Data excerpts
Theorem theorem3p1 (n m : nat) (Omega W : vec n -> Prop)
  (f : nat -> vec n -> R) (grad : nat -> vec n -> vec n) (L M : R) :
  (0 < m)%nat ->
  is_open Omega ->
  (forall i x, (i < m)%nat -> Omega x -> has_gradient (f i) x (grad i x)) ->
  (forall x, W x -> Omega x) ->
  is_convex W ->
  is_bounded W ->
  0 <= L ->
  (forall i y z, (i < m)%nat -> W y -> W z ->
     norm (vsub (grad i y) (grad i z)) <= L * norm (vsub y z)) ->
  is_lub (fun r => exists i x, (i < m)%nat /\ W x /\ r = norm (grad i x)) M ->
  forall y z, W y -> W z ->
    norm (vsub (Lambda m grad y) (Lambda m grad z))
      <= sqrt (2 * L * M) * sqrt (norm (vsub y z))
    /\ Rabs (norm (Lambda m grad y) - norm (Lambda m grad z))
      <= L * norm (vsub y z).
Proof.
move=> m_gt0 _ _ _ _ _ L_ge0 grad_lip [M_ub _] y z Wy Wz.
set d := norm (vsub y z); have d_ge0 : 0 <= d := norm_ge0 _.
have close : grads_close m grad y z (L * d) by move=> i lt_im; exact: grad_lip.
split; last exact: (norm_Lambda_lipschitz m grad m_gt0 close).
have Lambda_le_M x : W x -> norm (Lambda m grad x) <= M.
  move=> Wx; apply: Rle_trans (norm_Lambda_le m grad m_gt0 x) _.
  by apply: M_ub; exists 0%N, x.
have sum_le : norm (Lambda m grad y) + norm (Lambda m grad z) <= 2 * M.
  by have := Lambda_le_M y Wy; have := Lambda_le_M z Wz; lra.
have M_ge0 : 0 <= M.
  by have := Lambda_le_M y Wy; have := norm_ge0 (Lambda m grad y); lra.
have Ld_ge0 : 0 <= L * d by nra.
rewrite -sqrt_mult_alt; last nra.
rewrite {1}/norm; apply: sqrt_le_1_alt; rewrite -norm_sqr.
by apply: Rle_trans (Lambda_dist_sqr m grad m_gt0 close) _; nra.
Qed.
(* Let $X$ be a Banach lattice with order continuous norm, let $(S_\lambda)_{\lambda\in\Lambda}$ be a family of convex monotone semigroups on $X$, and suppose $S$ is the semigroup envelope of $(S_\lambda)_{\lambda\in\Lambda}$. Then $S(t)x=\sup_{\pi\in P_t}J_\pi x$ for all $t\ge0$ and $x\in X$.
   Context: A Banach lattice $X$ has order continuous norm if $\|x_\alpha\|\to 0$ for every net $x_\alpha\downarrow 0$ (then every nonempty subset bounded above has a supremum). An operator $T\colon X\to X$ is convex if $T(\lambda x+(1-\lambda)y)\le\lambda Tx+(1-\lambda)Ty$, monotone if $x\le y\Rightarrow Tx\le Ty$, bounded if $\sup_{\|x\|\le r}\|Tx\|<\infty$ for all $r>0$. A semigroup on $X$ is a family $(S(t))_{t\ge0}$ of bounded operators $X\to X$ with $S(0)=\mathrm{id}$ and $S(t+s)=S(t)S(s)$; convex/monotone if every $S(t)$ is. For semigroups $S,T$ write $S\le T$ if $S(t)x\le T(t)x$ for all $t,x$. A semigroup is an upper bound of $(S_\lambda)$ if it dominates every $S_\lambda$; the (upper) semigroup envelope is the smallest upper bound. Let $P$ be the set of finite $\pi\subset[0,\infty)$ with $0\in\pi$, $P_t:=\{\pi\in P:\max\pi=t\}$. Define $J_hx:=\sup_{\lambda\in\Lambda}S_\lambda(h)x$ for $h>0$ ($J_0=\mathrm{id}$) and for $\pi=\{t_0<\dots<t_m\}$, $t_0=0$, $J_\pi:=J_{t_1-t_0}\cdots J_{t_m-t_{m-1}}$. *)

From HB Require Import structures.
From mathcomp Require Import all_boot all_order all_algebra.
From mathcomp Require Import all_classical all_reals all_analysis.
Set Implicit Arguments. Unset Strict Implicit. Unset Printing Implicit Defensive.
Import Order.TTheory GRing.Theory Num.Theory.
Import numFieldNormedType.Exports.
Local Open Scope classical_set_scope.
Local Open Scope ring_scope.

Section BanachLattice.
Variables (R : realType) (X : completeNormedModType R) (le : X -> X -> Prop).

Definition is_ub (A : set X) (u : X) : Prop := forall a, A a -> le a u.
Definition is_sup (A : set X) (s : X) : Prop :=
  is_ub A s /\ forall u, is_ub A u -> le s u.
Definition is_lb (A : set X) (u : X) : Prop := forall a, A a -> le u a.
Definition is_inf (A : set X) (s : X) : Prop :=
  is_lb A s /\ forall u, is_lb A u -> le u s.

(** the supremum of [A] (when it exists; it is unique by antisymmetry) *)
Definition supX (A : set X) : X := xget 0 (is_sup A).

Definition absX (x : X) : X := supX [set x; - x].

Record is_banach_lattice : Prop := {
  bl_refl : forall x, le x x;
  bl_antisym : forall x y, le x y -> le y x -> x = y;
  bl_trans : forall x y z, le x y -> le y z -> le x z;
  bl_add : forall x y z, le x y -> le (x + z) (y + z);
  bl_scale : forall (a : R) x y, 0 <= a -> le x y -> le (a *: x) (a *: y);
  bl_sup2 : forall x y, exists s, is_sup [set x; y] s;
  bl_norm : forall x y, le (absX x) (absX y) -> `|x| <= `|y|
}.
(* Let $(\mathbb{Z}_{(p_n)},+\mathbf{1})$ and $(\mathbb{Z}_{(q_n)},+\mathbf{1})$ be odometers with scales $(p_n)$ and $(q_n)$ respectively, both with finite torsion, and let $s$ be a prime. If $\mathbf{v}_s((q_n))=\infty$ and $\operatorname{Aut}^{(\infty)}(\mathbb{Z}_{(p_n)},+\mathbf{1})\cong\operatorname{Aut}^{(\infty)}(\mathbb{Z}_{(q_n)},+\mathbf{1})$ as groups, then $\mathbf{v}_s((p_n))=\infty$.
   Context: A scale is a sequence $(p_n)$ of positive integers with $p_n\mid p_{n+1}$, not eventually constant; the odometer is $\mathbb{Z}_{(p_n)}=\{(x_n)\in\prod_n\mathbb{Z}/p_n\mathbb{Z}: x_{n+1}\equiv x_n\bmod p_n\}$ with translation by $\mathbf{1}=(1,1,\dots)$. For a prime $p$, $\mathbf{v}_p((p_n))=\lim_n\nu_p(p_n)\in\mathbb{N}\cup\{0,\infty\}$, $\nu_p$ the $p$-adic valuation. The odometer has finite torsion if $\mathbf{v}_p((p_n))\in\{0,\infty\}$ for all but finitely many primes $p$. $\operatorname{Aut}(X,T)$ is the group of homeomorphisms commuting with $T$ and $\operatorname{Aut}^{(\infty)}(X,T)=\bigcup_{n\ge1}\operatorname{Aut}(X,T^n)\subseteq\operatorname{Homeo}(X)$. *)

From mathcomp Require Import all_boot.
Set Implicit Arguments. Unset Strict Implicit. Unset Printing Implicit Defensive.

• GOAL OF THE EXERCISE: Retype the records above exactly, from their first line through the line that contains "(forall i y z, (i < m)%nat -> W y -> W z ->", and stop there.

• ANSWER SECTION:
Theorem theorem3p1 (n m : nat) (Omega W : vec n -> Prop)
  (f : nat -> vec n -> R) (grad : nat -> vec n -> vec n) (L M : R) :
  (0 < m)%nat ->
  is_open Omega ->
  (forall i x, (i < m)%nat -> Omega x -> has_gradient (f i) x (grad i x)) ->
  (forall x, W x -> Omega x) ->
  is_convex W ->
  is_bounded W ->
  0 <= L ->
  (forall i y z, (i < m)%nat -> W y -> W z ->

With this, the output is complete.